Before Kickoff, Coinbase's AI Posted a Final Score That Never Happened
Coinbase's prediction market feed told users Norway beat Brazil 3 2 while the weather delayed match sat unplayed at MetLife Stadium.
Coinbase's prediction market feed told users Norway beat Brazil 3 2 while the weather delayed match sat unplayed at MetLife Stadium.
Before kickoff at a World Cup knockout match that weather had already delayed at MetLife Stadium, a Coinbase push notification told users the game was over. Norway had beaten Brazil 3-2, the alert said, with Erling Haaland scoring twice. The only problem: the match had not started.
The alert came through Coinbase's consumer prediction-market feed, a product the exchange runs in partnership with Kalshi, the US-regulated event-contract exchange. Prediction markets let users trade contracts on the outcomes of real events, and Coinbase has been pitching its feed as a way to track what those markets think is likely to happen. Users who trade on the platform saw what looked like a breaking-news push for a fixture that Coinbase's own live page correctly listed as delayed.
When the match eventually kicked off and finished, the real final was Norway 2, Brazil 1, and Haaland did score twice. The AI had the player attribution right but the score wrong by a goal, and it sent the wrong score at the moment when no score could yet exist.
The screenshots spread on X after Jay Drain Jr., a crypto commentator with a large following, posted them and accused Coinbase of pushing "factually incorrect" breaking-news notifications to "millions of users" through its sports prediction markets product. Drain called the incident irresponsible given that real money was being wagered against the fabricated result.

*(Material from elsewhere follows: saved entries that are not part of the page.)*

Lemma rfix_irr_nontrivial (F : fieldType) (gT : finGroupType) (G : {group gT})
    n (rG : mx_representation F G n) :
    mx_irreducible rG -> ~ (forall x, x \in G -> rG x = 1%:M) ->
  rfix_mx rG G = 0.
Proof.
move=> irrG ntG; have [//|nz_fix] := eqVneq (rfix_mx rG G) 0.
have [_ /(_ _ (rfix_mx_module rG) nz_fix) full_fix] := (mx_irrP rG).1 irrG.
have /rfix_mxP fix1 : (1%:M <= rfix_mx rG G)%MS by rewrite sub1mx.
by case: ntG => x /fix1; rewrite mul1mx.
Qed.

Lemma sum_repr_irr_nontrivial (F : fieldType) (gT : finGroupType)
    (G : {group gT}) n (rG : mx_representation F G n) :
    mx_irreducible rG -> ~ (forall x, x \in G -> rG x = 1%:M) ->
  \sum_(x in G) rG x = 0.
Proof.
move=> irrG ntG; apply/eqP; rewrite -submx0.
rewrite -[X in (_ <= X)%MS](rfix_irr_nontrivial irrG ntG).
apply/rfix_mxP => h hG; rewrite mulmx_suml (reindex_inj (mulIg h^-1%g)) /=.
apply: eq_big => [x | x xG]; first by rewrite groupMr ?groupV.
by rewrite -repr_mxM ?mulgKV // groupMr ?groupV.
Qed.

Section Absorption.

Variables (F : fieldType) (gT : finGroupType) (G : {group gT}) (P : pred F).

Definition word_in (s : seq (gT * F)) := all [pred u | (u.1 \in G) && P u.2] s.

Lemma word_in_group s : word_in s -> all [pred u | u.1 \in G] s.
Proof. by apply: sub_all => u /andP[]. Qed.

Lemma word_in_cat s1 s2 : word_in (s1 ++ s2) = word_in s1 && word_in s2.
Proof. exact: all_cat. Qed.

Hypothesis charF : pgroup [pchar F]^' G.
Hypothesis mixable_irr : forall n (rG : mx_representation F G n),
  mx_irreducible rG -> ~ (forall x, x \in G -> rG x = 1%:M) ->
  exists2 s, word_in s & mix_mx rG s = 0.

Variables (n : nat) (rG : mx_representation F G n).

Lemma absorb_simple U : mxsimple rG U ->
  exists2 s, word_in s & (U *m mix_mx rG s <= rfix_mx rG G)%MS.
Proof.
move=> simU; have [modU _ _] := simU.
have [fixU | nfixU] := boolP (U <= rfix_mx rG G)%MS.
  by exists [::]; rewrite // /mix_mx big_nil mulmx1.
have [trivU | s ws mix0] := mixable_irr ((submod_mx_irr modU).2 simU).
  case/negP: nfixU; rewrite -(val_submod1 U); apply/rfix_mxP => x xG.
  by rewrite -val_submodJ // trivU // mulmx1.
exists s; rewrite // -(eqmxMr _ (val_submod1 U)) -val_submod_mix_mx.
  by rewrite mix0 mulmx0 linear0 sub0mx.
exact: word_in_group.
Qed.
(* Let $\gamma_a,\gamma_s>0$, $\lambda\ge0$, $q>0$, $\sigma_B>0$, $\varepsilon_a>0$, and let $\beta_a,\beta_s:\mathbb R\to\mathbb R$ be globally Lipschitz continuous with $\beta_a\ge0$, $\beta_s>0$. Consider the maximal solution $(T_a,T_s)$ of \[ \begin{cases} \gamma_a T_a'=-\lambda(T_a-T_s)+\varepsilon_a\sigma_B|T_s|^3T_s-2\varepsilon_a\sigma_B|T_a|^3T_a+q\beta_a(T_a),\\ \gamma_s T_s'=-\lambda(T_s-T_a)-\sigma_B|T_s|^3T_s+\varepsilon_a\sigma_B|T_a|^3T_a+q\beta_s(T_s),\\ T_a(0)=T_a^{(0)},\quad T_s(0)=T_s^{(0)} \end{cases} \] with $T_a^{(0)}\ge0$ and $T_s^{(0)}\ge0$. Then for every positive time $t$ at which the solution exists, $T_a(t)>0$ and $T_s(t)>0$. *)

From Stdlib Require Import Reals.
Open Scope R_scope.

Definition globally_lipschitz (f : R -> R) : Prop :=
  exists L : R, forall x y : R, Rabs (f x - f y) <= L * Rabs (x - y).

Definition right_cont_at0 (g : R -> R) (T v : R) : Prop :=
  forall eps : R, 0 < eps -> exists delta : R, 0 < delta /\
    forall s : R, 0 <= s -> s < delta -> s < T -> Rabs (g s - v) < eps.

Definition rhs_a (ga lam q sB ea : R) (ba : R -> R) (Ta Ts : R) : R :=
  (- lam * (Ta - Ts) + ea * sB * (Rabs Ts ^ 3 * Ts)
   - 2 * ea * sB * (Rabs Ta ^ 3 * Ta) + q * ba Ta) / ga.

Definition rhs_s (gs lam q sB ea : R) (bs : R -> R) (Ta Ts : R) : R :=
  (- lam * (Ts - Ta) - sB * (Rabs Ts ^ 3 * Ts)
   + ea * sB * (Rabs Ta ^ 3 * Ta) + q * bs Ts) / gs.

Definition is_solution_on (ga gs lam q sB ea : R) (ba bs : R -> R)
    (Ta0 Ts0 T : R) (Ta Ts : R -> R) : Prop :=
  Ta 0 = Ta0 /\ Ts 0 = Ts0 /\
  right_cont_at0 Ta T Ta0 /\ right_cont_at0 Ts T Ts0 /\
  forall t : R, 0 < t < T ->
    derivable_pt_lim Ta t (rhs_a ga lam q sB ea ba (Ta t) (Ts t)) /\
    derivable_pt_lim Ts t (rhs_s gs lam q sB ea bs (Ta t) (Ts t)).

(** Where [Ts <= 0 <= Ta] the right-hand side for [Ts] is positive, and where
    [Ta <= 0 < Ts] the right-hand side for [Ta] is positive, because [bs > 0],
    [ba >= 0] and [|x|^3 x] has the sign of [x].  Hence neither component can be
    the first to leave the positive quadrant: at the first zero of
    [min Ta Ts] the vanishing component would have positive derivative, so it
    would already be negative just before.  Near [t = 0] the data may vanish and
    [Ta] may dip slightly below [0]; there the Lipschitz bound on [bs] still makes
    [Ts' > 0] whenever [Ts <= 0] and both components are close to their
    nonnegative initial values, which makes [Ts], and then [Ta], positive on a
    short interval [(0, b]]. *)

From Stdlib Require Import Reals Lra Psatz.
Open Scope R_scope.

Lemma continuity_pt_eps_delta (h : R -> R) (c : R) :
  continuity_pt h c <->
  forall eps, 0 < eps -> exists d, 0 < d /\
    forall y, Rabs (y - c) < d -> Rabs (h y - h c) < eps.
Proof.
  split.
  - intros Hc eps Heps.
    destruct (Hc eps Heps) as [d [Hd Hy]].
    exists d; split; [exact Hd|]. intros y Hyc.
    destruct (Req_dec y c) as [->|Hne].
    + rewrite Rminus_diag, Rabs_R0; exact Heps.
    + apply (Hy y); split; [split; [exact I|auto]|exact Hyc].
  - intros Hc eps Heps.
    destruct (Hc eps Heps) as [d [Hd Hy]].
    exists d; split; [exact Hd|]. intros y [_ Hyc]. exact (Hy y Hyc).
Qed.

Lemma continuity_pt_gt (h : R -> R) (c r : R) :
  continuity_pt h c -> r < h c ->
  exists d, 0 < d /\ forall y, Rabs (y - c) < d -> r < h y.
Proof.
  rewrite continuity_pt_eps_delta. intros Hc Hr.
  destruct (Hc (h c - r) ltac:(lra)) as [d [Hd Hnear]].
  exists d. split; [exact Hd|]. intros y Hy.
  specialize (Hnear y Hy). apply Rabs_def2 in Hnear. lra.
Qed.

Lemma continuity_pt_lt (h : R -> R) (c r : R) :
  continuity_pt h c -> h c < r ->
  exists d, 0 < d /\ forall y, Rabs (y - c) < d -> h y < r.
Proof.
  rewrite continuity_pt_eps_delta. intros Hc Hr.
  destruct (Hc (r - h c) ltac:(lra)) as [d [Hd Hnear]].
  exists d. split; [exact Hd|]. intros y Hy.
  specialize (Hnear y Hy). apply Rabs_def2 in Hnear. lra.
Qed.

Lemma continuity_pt_Rmin (f g : R -> R) (c : R) :
  continuity_pt f c -> continuity_pt g c ->
  continuity_pt (fun y => Rmin (f y) (g y)) c.
Proof.
  rewrite !continuity_pt_eps_delta. intros Hf Hg eps Heps.
  destruct (Hf eps Heps) as [df [Hdf Hyf]], (Hg eps Heps) as [dg [Hdg Hyg]].
  exists (Rmin df dg); split; [now apply Rmin_pos|].
  intros y Hy.
  assert (Hfy := Hyf y (Rlt_le_trans _ _ _ Hy (Rmin_l _ _))).
  assert (Hgy := Hyg y (Rlt_le_trans _ _ _ Hy (Rmin_r _ _))).
  apply Rabs_def2 in Hfy, Hgy. apply Rabs_def1;
    unfold Rmin; destruct Rle_dec, Rle_dec; lra.
Qed.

Coinbase CEO Brian Armstrong replied on X that he was "taking a look with the team." Max Branzburg, Coinbase's head of consumer products, posted that the company had "fixed the incorrect story and made some updates to avoid these types of inaccuracies in the future," then added that "Norway did win and Haaland did score two goals, so maybe the AI knew something we didn't." The "knew something" line was a joke, but it doubled as a deflection: it reframed a hallucinated fact as a lucky guess, suggesting a coincidence worth framing as prescience when the underlying claim was that an AI had reported a future event as if it were past.
Large language models do not predict outcomes. They generate plausible text from training-data patterns, which is why confidently wrong statements about future events are a structural failure mode rather than an occasional glitch. Wired into a product that promises trustworthy information about real events, the failure is not a content bug. It is the mechanism.
Coinbase's own prediction-market page made the contradiction concrete. The page listed the match as delayed, which meant the company's structured, real-time data layer knew the game had not begun. The AI-generated notification layer, presented to users as a push alert, told them the opposite. The two layers did not share a source of truth.
The score is not the problem. The problem is that an AI confidently produced a specific factual claim about a future event inside a real-money product, and the company's own data contradicted it in real time. A content fix and "model tuning" can reduce how often the layer invents a result. They cannot close the gap, because the gap is what the model does: it writes plausible text, and plausible text about an unplayed game is just text.
The next test arrives the next time the feed generates a specific factual claim about an event whose outcome is still unknown. The product can keep treating AI-generated text as something to publish, or it can start treating it as something to verify against the structured data the platform already has.